JTabViz is a Java-based machine learning data analysis toolkit designed for visualization and analysis of tabular machine learning data. It supports data augmentation, allowing users to export augmented data and explore how changes in the dataset affect their trained models. With JTabViz, you can load, view, analyze, and classify CSV data, utilizing features like normalization, various visualizations (heatmaps, Parallel Coordinates, Shifted Paired Coordinates, Static Circular Coordinates, Star Coordinates, and covariance matrix heatmaps), row manipulation, cell editing, inequality-based classification rule testing, automatic pure region discovery, feature engineering, attribute sorting, and data export.
Tested on: Windows (10/11), Linux (Pop!_OS), and macOS (Sonoma).
To get started quickly, please see the Getting Started section, method 3.
Below are screenshots showcasing the exploration of the Fisher Iris dataset, which serves as a benchmark.
Classifier Accuracy: Achieved 98.67% accuracy.
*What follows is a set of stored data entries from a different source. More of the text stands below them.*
(* Let $Q=[0,L]\times[0,1]$ with $L\ge1$, uniform density $\phi\equiv1$, $n=2$ generators, and $\mathcal H(p_1,p_2)=\int_Q\min_{i=1,2}\|q-p_i\|^2dq$. Consider the centroidal Voronoi configuration $p_1=(L/2,1/4)$, $p_2=(L/2,3/4)$, whose Voronoi cells are the two halves of $Q$ separated by the segment joining the midpoints of the two sides of length 1. If $L>\sqrt{3/2}$, the Hessian $\nabla^2\mathcal H$ at this configuration has exactly one negative eigenvalue; if $L=\sqrt{3/2}$, it has a zero eigenvalue.
   Context: The Voronoi cell of $p_i$ is $V_i=\{q\in Q:\|q-p_i\|\le\|q-p_j\|\ \forall j\}$; a configuration is centroidal if each $p_i$ is the centroid of $V_i$. The Hessian is with respect to $(p_1,p_2)\in\mathbb{R}^4$. *)

From Stdlib Require Import Reals Lra Lia.
Open Scope R_scope.

(* Points of R^4 = (x1,y1,x2,y2) are represented as functions nat -> R,
   only indices 0..3 being relevant: p1 = (v 0, v 1), p2 = (v 2, v 3). *)

Definition IsRInt (f : R -> R) (a b v : R) : Prop :=
  exists pr : Riemann_integrable f a b, RiemannInt pr = v.

Definition cvt_integrand (v : nat -> R) (x y : R) : R :=
  Rmin ((x - v 0%nat)^2 + (y - v 1%nat)^2) ((x - v 2%nat)^2 + (y - v 3%nat)^2).

(* Hf v is the integral of the integrand over Q = [0,L] x [0,1]
   (computed as an iterated Riemann integral; the integrand is continuous). *)
Definition IsCVTEnergy (L : R) (Hf : (nat -> R) -> R) : Prop :=
  forall v : nat -> R, exists g : R -> R,
    (forall x, 0 <= x <= L -> IsRInt (fun y => cvt_integrand v x y) 0 1 (g x)) /\
    IsRInt g 0 L (Hf v).

Definition upd (v : nat -> R) (i : nat) (t : R) : nat -> R :=
  fun k => if Nat.eqb k i then t else v k.

Definition partial (f : (nat -> R) -> R) (v : nat -> R) (i : nat) (l : R) : Prop :=
  derivable_pt_lim (fun t => f (upd v i t)) (v i) l.

Definition IsHessian4 (f : (nat -> R) -> R) (v : nat -> R) (M : nat -> nat -> R) : Prop :=
  exists G : nat -> (nat -> R) -> R, exists d : R, 0 < d /\
    (forall w : nat -> R, (forall k, (k < 4)%nat -> Rabs (w k - v k) < d) ->
       forall i, (i < 4)%nat -> partial f w i (G i w)) /\
    (forall i j, (i < 4)%nat -> (j < 4)%nat -> partial (G i) v j (M i j)).

Definition minor (j : nat) (M : nat -> nat -> R) : nat -> nat -> R :=
  fun i k => M (S i) (if Nat.ltb k j then k else S k).

Fixpoint detn (n : nat) (M : nat -> nat -> R) : R :=
  match n with
  | O => 1
  | S m => sum_f_R0 (fun j => (-1)^j * M 0%nat j * detn m (minor j M)) m
  end.

Definition charpoly4 (M : nat -> nat -> R) (t : R) : R :=
  detn 4 (fun i j => (if Nat.eqb i j then t else 0) - M i j).

Definition is_eigenvalue4 (M : nat -> nat -> R) (lam : R) : Prop :=
  charpoly4 M lam = 0.

Definition simple_eigenvalue4 (M : nat -> nat -> R) (lam : R) : Prop :=
  is_eigenvalue4 M lam /\
  exists d : R, derivable_pt_lim (charpoly4 M) lam d /\ d <> 0.

(* Exactly one negative eigenvalue, counted with (algebraic) multiplicity. *)
Definition exactly_one_negative_eigenvalue4 (M : nat -> nat -> R) : Prop :=
  exists lam : R, lam < 0 /\ simple_eigenvalue4 M lam /\
    (forall mu : R, mu < 0 -> is_eigenvalue4 M mu -> mu = lam).

Definition config (L : R) : nat -> R :=
  fun k => match k with
           | 0%nat => L / 2
           | 1%nat => 1 / 4
           | 2%nat => L / 2
           | _ => 3 / 4
           end.
(* With the definitions in the context: $\mathcal{P}^{TOBL}\subsetneq\mathcal{P}^{ATOBL}_{2\leftarrow3}$ and $\mathcal{P}^{TOBL}\subsetneq\mathcal{P}^{ATOBL}_{2\rightarrow3}$. More specifically, the correlation $P^G$ belongs to $\mathcal{P}^{ATOBL}_{2\leftarrow3}$ but not to $\mathcal{P}^{ATOBL}_{2\rightarrow3}$, and the correlation $\tilde P^G$ defined by $\tilde p^G(o_1o_2o_3|i_1i_2i_3)=p^G(o_1o_3o_2|i_1i_3i_2)$ (roles of parties 2 and 3 interchanged) belongs to $\mathcal{P}^{ATOBL}_{2\rightarrow3}$ but not to $\mathcal{P}^{ATOBL}_{2\leftarrow3}$.
   Context: Three parties; party $k\in\{1,2,3\}$ has input $i_k\in\{0,1\}$ and output $o_k\in\{0,1\}$; a tripartite correlation is a family of conditional distributions $p(o_1o_2o_3|i_1i_2i_3)$. A bipartite conditional distribution $q(o_2o_3|i_2i_3)$ is of type $2\leftarrow3$ if $\sum_{o_2}q(o_2o_3|i_2i_3)$ does not depend on $i_2$ (no signaling from 2 to 3), and of type $2\rightarrow3$ if $\sum_{o_3}q(o_2o_3|i_2i_3)$ does not depend on $i_3$ (no signaling from 3 to 2). $\mathcal{P}^{ATOBL}_{2\leftarrow3}$ (resp. $\mathcal{P}^{ATOBL}_{2\rightarrow3}$) is the set of tripartite correlations that can be written as $p(o_1o_2o_3|i_1i_2i_3)=\int p(\lambda)\,p(o_1|i_1,\lambda)\,q_\lambda(o_2o_3|i_2i_3)\,d\lambda$ for some probability distribution $p(\lambda)$ over a hidden variable $\lambda$, single-party conditional distributions $p(o_1|i_1,\lambda)$, and bipartite conditional distributions $q_\lambda$ each of type $2\leftarrow3$ (resp. each of type $2\rightarrow3$). The set of time-ordered bilocal correlations is $\mathcal{P}^{TOBL}=\mathcal{P}^{ATOBL}_{2\leftarrow3}\cap\mathcal{P}^{ATOBL}_{2\rightarrow3}$. Let $a^{\pm}=\frac14(1\pm\frac1{\sqrt2})$ and let $P^G$ be the correlation with matrix (rows $(i_1i_2i_3)$, columns $(o_1o_2o_3)$, both in lexicographic order $000,\dots,111$) $$P^G=\frac12\begin{pmatrix} 2a^+&2a^-&0&0&0&0&2a^-&2a^+\\ 2a^+&2a^-&0&0&0&0&2a^-&2a^+\\ a^+&a^-&a^+&a^-&a^-&a^+&a^-&a^+\\ a^+&a^-&a^+&a^-&a^-&a^+&a^-&a^+\\ a^+&a^-&a^-&a^+&a^+&a^-&a^-&a^+\\ a^+&a^-&a^-&a^+&a^+&a^-&a^-&a^+\\ a^+&a^-&a^-&a^+&a^-&a^+&a^+&a^-\\ a^-&a^+&a^+&a^-&a^+&a^-&a^-&a^+ \end{pmatrix}.$$ *)

From HB Require Import structures.
From mathcomp Require Import all_boot all_order all_algebra.
From mathcomp Require Import all_classical all_reals all_analysis.
Set Implicit Arguments. Unset Strict Implicit. Unset Printing Implicit Defensive.
Import Order.TTheory GRing.Theory Num.Theory.
Local Open Scope ring_scope.
(* Let $f\in\mathbf{C}\{X,Y\}$ be a nonzero power series without constant term such that the curve $f=0$ is reduced, and let $l\in\mathbf{C}\{X,Y\}$ be a power series without constant term with $\operatorname{ord} l=1$. Let $J(f,l)=\frac{\partial f}{\partial X}\frac{\partial l}{\partial Y}-\frac{\partial f}{\partial Y}\frac{\partial l}{\partial X}$ and assume $J(f,l)(0,0)=0$. Then $l$ does not divide $f$ in $\mathbf{C}\{X,Y\}$ (i.e. $l=0$ is not a branch of $f=0$) if and only if $l$ does not divide $J(f,l)$ (i.e. $l=0$ is not a branch of the curve $J(f,l)=0$).
   Context: $\mathbf{C}\{X,Y\}$ denotes the ring of convergent complex power series in $X,Y$. A curve $f=0$ is reduced if $f$ has no multiple irreducible factors; the branches of $f=0$ are the curves $f_i=0$ for the irreducible factors $f_i$ of $f$. The curve $l=0$ with $\operatorname{ord} l=1$ is called regular. *)

From mathcomp Require Import all_boot all_algebra complex reals.
Set Implicit Arguments. Unset Strict Implicit. Unset Printing Implicit Defensive.
Import GRing.Theory Num.Theory.
Local Open Scope ring_scope.

Section ConvPS.
Variable R : realType.
Local Notation C := R[i].

(* A formal power series in X,Y : coefficient of X^i Y^j is  s i j. *)
Definition ps := nat -> nat -> C.

(* Convergent: absolutely convergent on some polydisc, i.e. coefficients
   satisfy a Cauchy bound |a_ij| r^(i+j) <= M for some r > 0. *)
Definition ps_conv (s : ps) : Prop :=
  exists r M : C, 0 < r /\ forall i j, `|s i j| * r ^+ (i + j) <= M.

Definition ps_eq (s t : ps) : Prop := forall i j, s i j = t i j.
Definition ps_zero : ps := fun _ _ => 0.
Definition ps_one : ps := fun i j => if (i == 0%N) && (j == 0%N) then 1 else 0.

Definition ps_mul (s t : ps) : ps := fun i j =>
  \sum_(k < i.+1) \sum_(m < j.+1) s k m * t (i - k)%N (j - m)%N.

Definition ps_sub (s t : ps) : ps := fun i j => s i j - t i j.

Definition ps_dX (s : ps) : ps := fun i j => s i.+1 j *+ i.+1.
Definition ps_dY (s : ps) : ps := fun i j => s i j.+1 *+ j.+1.

Definition jac (f l : ps) : ps :=
  ps_sub (ps_mul (ps_dX f) (ps_dY l)) (ps_mul (ps_dY f) (ps_dX l)).

Definition ps_at0 (s : ps) : C := s 0%N 0%N.

Definition ps_dvd (a b : ps) : Prop := exists g, ps_conv g /\ ps_eq b (ps_mul a g).

Definition ps_unit (a : ps) : Prop := exists g, ps_conv g /\ ps_eq (ps_mul a g) ps_one.

Definition ps_irreducible (p : ps) : Prop :=
  [/\ ps_conv p, ~ ps_eq p ps_zero, ~ ps_unit p &
      forall a b, ps_conv a -> ps_conv b -> ps_eq p (ps_mul a b) ->
        ps_unit a \/ ps_unit b].

Definition ps_reduced (f : ps) : Prop :=
  forall p, ps_irreducible p -> ~ ps_dvd (ps_mul p p) f.

Definition ps_ord1 (l : ps) : Prop :=
  l 0%N 0%N = 0 /\ (l 1%N 0%N != 0 \/ l 0%N 1%N != 0).

End ConvPS.

(* After exchanging X and Y we may assume l_Y(0) <> 0.  Division by l along Y then
   writes f = l q + r with r in C{X}: the coefficients of q solve a triangular system
   ordered by the weight 2i + j, and a geometric majorant shows that q converges.
   As r does not depend on Y, J(f,l) = l J(q,l) + r' l_Y.  If l divides J(f,l), it
   divides r' l_Y with l_Y a unit, and comparing coefficients forces r' = 0; so r is
   constant, hence 0 since f(0) = l(0) = 0, and l divides f.  Conversely
   J(l g, l) = l J(g, l). *)

From HB Require Import structures.
From mathcomp Require Import all_boot all_order all_algebra complex reals.
From mathcomp Require Import boolp ring lra zify.
Set Implicit Arguments.
Unset Strict Implicit.
Unset Printing Implicit Defensive.
Import Order.TTheory GRing.Theory Num.Theory.
Local Open Scope ring_scope.

Section PowerSeriesRing.
Variable R : realType.
Local Notation C := R[i].
Local Notation ps := (ps R).

(* The ring laws of the Cauchy product are inherited from [{poly {poly C}}]:
   a coefficient of index (i, j) only depends on the truncations below N > i, j. *)
Definition ps_trunc (N : nat) (s : ps) : {poly {poly C}} :=
  \poly_(i < N) \poly_(j < N) s i j.

Lemma coef_ps_trunc N s i j : (i < N)%N -> (j < N)%N -> ((ps_trunc N s)`_i)`_j = s i j.
Proof. by move=> hi hj; rewrite /ps_trunc coef_poly hi coef_poly hj. Qed.

Lemma coef_mul_ps (p q : {poly {poly C}}) (s t : ps) i j :
  (forall k m, (k <= i)%N -> (m <= j)%N -> (p`_k)`_m = s k m) ->
  (forall k m, (k <= i)%N -> (m <= j)%N -> (q`_k)`_m = t k m) ->
  ((p * q)`_i)`_j = ps_mul s t i j.
Proof.
move=> hp hq; rewrite coefM coef_sum; apply: eq_bigr => k _.
rewrite coefM; apply: eq_bigr => m _.
have hk : (k <= i)%N by rewrite -ltnS.
have hm : (m <= j)%N by rewrite -ltnS.
by rewrite hp // hq // leq_subr.
Qed.

Lemma coef_ps_trunc_mul N s t i j : (i < N)%N -> (j < N)%N ->
  ((ps_trunc N s * ps_trunc N t)`_i)`_j = ps_mul s t i j.
Proof. by move=> hi hj; apply: coef_mul_ps => k m hk hm; apply: coef_ps_trunc; lia. Qed.

Definition ps_add (s t : ps) : ps := fun i j => s i j + t i j.
Definition ps_opp (s : ps) : ps := fun i j => - s i j.

Lemma ps_addA : associative ps_add.
Proof. by move=> a b c; apply/funext => i; apply/funext => j; rewrite /ps_add addrA. Qed.

Lemma ps_addC : commutative ps_add.
Proof. by move=> a b; apply/funext => i; apply/funext => j; rewrite /ps_add addrC. Qed.

Lemma ps_add0 : left_id (ps_zero R) ps_add.
Proof. by move=> a; apply/funext => i; apply/funext => j; rewrite /ps_add add0r. Qed.

Lemma ps_addN : left_inverse (ps_zero R) ps_opp ps_add.
Proof. by move=> a; apply/funext => i; apply/funext => j; rewrite /ps_add addNr. Qed.

Lemma ps_mulA : associative (@ps_mul R).
Proof.
move=> s t u; apply/funext => i; apply/funext => j.
have [hi hj] : (i < (i + j).+1)%N /\ (j < (i + j).+1)%N by lia.
set N := (i + j).+1.
rewrite -(coef_mul_ps (p := ps_trunc N s) (q := ps_trunc N t * ps_trunc N u)).
- rewrite mulrA; apply: coef_mul_ps => k m hk hm;
    [apply: coef_ps_trunc_mul | apply: coef_ps_trunc]; lia.
- by move=> k m hk hm; apply: coef_ps_trunc; lia.
- by move=> k m hk hm; apply: coef_ps_trunc_mul; lia.
Qed.

Lemma ps_mulC : commutative (@ps_mul R).
Proof.
move=> s t; apply/funext => i; apply/funext => j.
have [hi hj] : (i < (i + j).+1)%N /\ (j < (i + j).+1)%N by lia.
by rewrite -(coef_ps_trunc_mul s t hi hj) -(coef_ps_trunc_mul t s hi hj) mulrC.
Qed.

Lemma ps_mul1 : left_id (ps_one R) (@ps_mul R).
Proof.
move=> s; apply/funext => i; apply/funext => j.
rewrite /ps_mul big_ord_recl big_ord_recl /ps_one /= mul1r !subn0.
by rewrite !big1 ?addr0 // => [k _|m _]; rewrite ?big1 // => *; rewrite mul0r.
Qed.

Lemma ps_mulDl : left_distributive (@ps_mul R) ps_add.
Proof.
move=> s t u; apply/funext => i; apply/funext => j.
have [hi hj] : (i < (i + j).+1)%N /\ (j < (i + j).+1)%N by lia.
set N := (i + j).+1.
rewrite -(coef_mul_ps (p := ps_trunc N s + ps_trunc N t) (q := ps_trunc N u)).
- by rewrite mulrDl !coefD !coef_ps_trunc_mul.
- by move=> k m hk hm; rewrite !coefD !coef_ps_trunc //; lia.
- by move=> k m hk hm; apply: coef_ps_trunc; lia.
Qed.

Lemma ps_one_neq0 : ps_one R != ps_zero R.
Proof.
by apply/eqP => /(congr1 (fun s => s 0%N 0%N)) /eqP; rewrite /ps_one oner_eq0.
Qed.

End PowerSeriesRing.

HB.instance Definition _ (R : realType) := gen_eqMixin (ps R).
HB.instance Definition _ (R : realType) := gen_choiceMixin (ps R).
HB.instance Definition _ (R : realType) :=
  GRing.isZmodule.Build (ps R) (@ps_addA R) (@ps_addC R) (@ps_add0 R) (@ps_addN R).
HB.instance Definition _ (R : realType) :=
  GRing.Zmodule_isComNzRing.Build (ps R)
    (@ps_mulA R) (@ps_mulC R) (@ps_mul1 R) (@ps_mulDl R) (@ps_one_neq0 R).

Section Derivations.
Variable R : realType.
Local Notation ps := (ps R).
Implicit Types s t f l q : ps.

Lemma ps_mulE s t : ps_mul s t = s * t. Proof. by []. Qed.
Lemma ps_addE s t i j : (s + t) i j = s i j + t i j. Proof. by []. Qed.
Lemma ps_oppE s i j : (- s) i j = - s i j. Proof. by []. Qed.
Lemma ps0E i j : (0 : ps) i j = 0. Proof. by []. Qed.

Lemma ps_eqP s t : ps_eq s t <-> s = t.
Proof. by split=> [h|-> //]; apply/funext => i; apply/funext => j; apply: h. Qed.

Definition ps_swap s : ps := fun i j => s j i.

Lemma ps_swapD s t : ps_swap (s + t) = ps_swap s + ps_swap t. Proof. by []. Qed.

Lemma ps_swapN s : ps_swap (- s) = - ps_swap s. Proof. by []. Qed.
Definition Lmx (fx : V -> V -> C) (fy : V -> C) : 'M[C]_#|W| :=
  \matrix_(i, j) let v := enum_val i in let w := enum_val j in
    if v == w then fy v - \sum_(u | r v u) fx v u
    else if r v w then fx v w else 0.

Lemma meval_xvar fx fy v w :
  meval n (var_subst (graph_val fx fy)) (xvar r W C v w) = if r v w then fx v w else 0.
Proof.
rewrite /xvar -[r v w]/(edge_pred r (v, w)); case: insubP => [e -> ve|/negbTE ->].
  by rewrite meval_X /= ve.
by rewrite rmorph0.
Qed.

Lemma meval_yvar fx fy v :
  meval n (var_subst (graph_val fx fy)) (yvar r W C v) = if v \in W then fy v else 0.
Proof.
rewrite /yvar -[v \in W]/(Wpred W v); case: insubP => [u -> uv|/negbTE ->].
  by rewrite meval_X /= uv.
by rewrite rmorph0.
Qed.

Lemma meval_detLW fx fy : meval n (var_subst (graph_val fx fy)) P = \det (Lmx fx fy).
Proof.
rewrite -det_map_mx; congr (\det _); apply/matrixP => i j; rewrite !mxE /Lentry.
case: eqP => _; last by rewrite meval_xvar.
rewrite rmorphB rmorph_sum /= meval_yvar enum_valP; congr (_ - _).
by apply: eq_bigr => u ru; rewrite meval_xvar ru.
Qed.

Definition var_src (z : Var) : V :=
  match z with inl e => (val e).1 | inr v => val v end.

Lemma vdeg_X (z z' : Var) : vdeg n (enum_rank z) (X C z') = (z == z').
Proof. by rewrite /X vdeg_mvar // val_eqE (inj_eq enum_rank_inj). Qed.

Lemma vdeg_Lentry (z : Var) v w :
  (vdeg n (enum_rank z) (Lentry r W C v w) <= (v == var_src z))%N.
Proof.
have vdeg_xvar w' : (vdeg n (enum_rank z) (xvar r W C v w') <= (v == var_src z))%N.
  rewrite /xvar; case: insubP => [e _ ve|_]; last by rewrite vdeg0.
  by rewrite vdeg_X; case: eqP => // ->; rewrite /= ve eqxx.
rewrite /Lentry; case: eqP => _ //; apply: leq_trans (vdegD_le _ _ _) _.
rewrite geq_max vdegN vdeg_sum_le // /yvar; case: insubP => [u _ uv|_]; last by rewrite vdeg0.
by rewrite vdeg_X; case: eqP => // ->; rewrite /= uv eqxx.
Qed.

Lemma vdeg_detLW (z : Var) :
  (vdeg n (enum_rank z) P <= \sum_(i < #|W|) (enum_val i == var_src z))%N.
Proof.
rewrite /determinant; apply: vdeg_sum_le => s _; apply: leq_trans (vdegM_le _ _ _) _.
have -> : vdeg n (enum_rank z) ((-1) ^+ s : PolyRing r W C) = 0%N.
  by case: (odd_perm s); rewrite ?expr0 ?expr1 ?vdegN vdeg1.
rewrite add0n; apply: leq_trans (vdeg_prod_le _ _ _ _) _.
by apply: leq_sum => i _; rewrite mxE vdeg_Lentry.
Qed.

Lemma vdeg_detLW_le1 (z : Var) : (vdeg n (enum_rank z) P <= 1)%N.
Proof.
apply: leq_trans (vdeg_detLW z) _; have [zW|zW] := boolP (var_src z \in W).
  rewrite (bigD1 (enum_rank_in zW (var_src z))) //= enum_rankK_in // eqxx big1 // => i.
  move=> ne_i; apply/eqP; rewrite eqb0; apply: contra ne_i => /eqP i_z.
  by apply/eqP/enum_val_inj; rewrite enum_rankK_in.
by rewrite big1 // => i _; apply/eqP; rewrite eqb0; apply: contra zW => /eqP <-; apply: enum_valP.
Qed.

Lemma vdeg_detLW_out (z : Var) : var_src z \notin W -> vdeg n (enum_rank z) P = 0%N.
Proof.
move=> zW; apply/eqP; rewrite -leqn0; apply: leq_trans (vdeg_detLW z) _.
by rewrite big1 // => i _; apply/eqP; rewrite eqb0; apply: contra zW => /eqP <-; apply: enum_valP.
Qed.

Lemma det_Lmx_y v (vW : v \in W) t :
  \det (Lmx (fun _ _ => 0) (fun x => if x == v then t else 1)) = t.
Proof.
pose a := enum_rank_in vW v; have a_v : enum_val a = v by rewrite enum_rankK_in.
rewrite (det_id_rows_except (a := a)) => [|i j ia]; rewrite mxE /=.
  by rewrite a_v !eqxx big1 ?subr0.
have iv : enum_val i != v by apply: contra ia => /eqP iv; apply/eqP/enum_val_inj; rewrite a_v.
rewrite (inj_eq enum_val_inj); case: eqP => _; last by case: ifP.
by rewrite (negbTE iv) big1 ?subr0.
Qed.

Lemma det_Lmx_edge a b (aW : a \in W) (rab : r a b) s t :
  \det (Lmx (fun x y => if (x == a) && (y == b) then t else 0)
           (fun x => if x == a then s else 1)) = s - t.
Proof.
pose ia := enum_rank_in aW a; have ia_a : enum_val ia = a by rewrite enum_rankK_in.
rewrite (det_id_rows_except (a := ia)) => [|i j iia]; rewrite mxE /=.
  rewrite ia_a !eqxx (bigD1 b) //= !eqxx big1 ?addr0 // => u /andP[_ ub].
  by rewrite (negbTE ub).
have ia' : enum_val i != a by apply: contra iia => /eqP ia'; apply/eqP/enum_val_inj; rewrite ia_a.
rewrite (inj_eq enum_val_inj) (negbTE ia') /=; case: eqP => _; last by case: ifP.
by rewrite big1 ?subr0.
Qed.

Section CycleEvaluation.
Variables (c : seq V) (a b : V) (aW : a \in W).
Hypotheses (uniq_c : uniq c) (c_W : {subset c <= W}).
Hypotheses (r_next : forall x, x \in c -> r x (next c x)).
Hypotheses (next_neq : forall x, x \in c -> next c x != x).
Hypotheses (ac : a \in c) (bc : b \in c) (ab : a != b).

Definition fx_cycle (x y : V) : C := if (x \in c) && (y == next c x) then 1 else 0.

(* The diagonal entries of [Lmx] become [s - 1], [t - 1] at [a], [b] and [1] elsewhere. *)
Definition fy_cycle (s t : C) (x : V) : C :=
  if x == a then s else if x == b then t else 1 + (x \in c)%:R.

Lemma sum_fx_cycle x : \sum_(y | r x y) fx_cycle x y = (x \in c)%:R.
Proof.
have [xc|xc] := boolP (x \in c); last by rewrite big1 // => y _; rewrite /fx_cycle (negbTE xc).
rewrite (bigD1 (next c x)) ?r_next //= /fx_cycle xc eqxx big1 ?addr0 // => y /andP[_ ny].
by rewrite (negbTE ny).
Qed.

Local Notation pi := (cycle_perm aW uniq_c c_W).

Lemma det_Lmx_cycle s t :
  \det (Lmx fx_cycle (fy_cycle s t)) = (s - 1) * (t - 1) + (-1) ^+ pi.
Proof.
pose ia := enum_rank_in aW a; pose ib := enum_rank_in aW b.
have ia_a : enum_val ia = a by rewrite enum_rankK_in.
have ib_b : enum_val ib = b by rewrite enum_rankK_in ?c_W.
have iab : ia != ib by apply: contra ab => /eqP iab; rewrite -ia_a -ib_b iab.
have pi_fix i : (pi i == i) = (enum_val i \notin c) by apply: cycle_perm_fix.
have diag i : enum_val i \notin [:: a; b] -> Lmx fx_cycle (fy_cycle s t) i i = 1.
  rewrite !inE negb_or => /andP[ia' ib']; rewrite mxE /= eqxx sum_fx_cycle /fy_cycle.
  by rewrite (negbTE ia') (negbTE ib') addrK.
rewrite (det_supp_diag_perm (p := pi)).
- congr (_ + _); last first.
    rewrite big1 ?mulr1 // => i _; have [ic|ic] := boolP (enum_val i \in c).
      have pi_i : enum_val (pi i) != enum_val i by rewrite (inj_eq enum_val_inj) pi_fix ic.
      by rewrite mxE /= eq_sym (negbTE pi_i) cycle_permE r_next // /fx_cycle ic eqxx.
    have /eqP -> : pi i == i by rewrite pi_fix.
    by rewrite diag // !inE; apply: contra ic => /orP[] /eqP ->.
  rewrite (bigD1 ia) // (bigD1 ib) 1?eq_sym //= big1 ?mulr1 => [|i /andP[iia iib]].
    by rewrite !mxE /= !eqxx !sum_fx_cycle ia_a ib_b /fy_cycle eqxx eq_sym (negbTE ab) eqxx ac bc.
  by apply: diag; rewrite !inE -ia_a -ib_b !(inj_eq enum_val_inj) negb_or iia.
- by apply: contraTneq ac => pi1; rewrite -ia_a -pi_fix pi1 perm1 eqxx.
- exact: perm_in_cycle_supp.
- move=> i j ji jpi; rewrite mxE /= (inj_eq enum_val_inj) eq_sym (negbTE ji) /fx_cycle.
  by rewrite -(cycle_permE aW uniq_c c_W) (inj_eq enum_val_inj) (negbTE jpi) andbF; case: ifP.
Qed.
The two remaining misclassified cases (one in the Virginica class and one in the Versicolor class) are highlighted in Shifted Paired Coordinates, with the classification function duplicated for the third plot axes pair.
Outlier Discovery in PC: Highlighted outliers for the Virginica class by rearranging axes, sorting by the desired attribute, and using ctrl-click to select and visualize outliers in Parallel Coordinates.
Outlier Discovery in SPC: Sepal Length Outliers highlighted difficult-to-classify sepal length outliers for the Versicolor class in Shifted Paired Coordinates.
Outlier Discovery is SCC: Demonstrated a petal length outlier in the Virginica class using Static Circular Coordinates.
Combined View: Demonstrated the combined view functionality which is modular with a multi-window paradigm.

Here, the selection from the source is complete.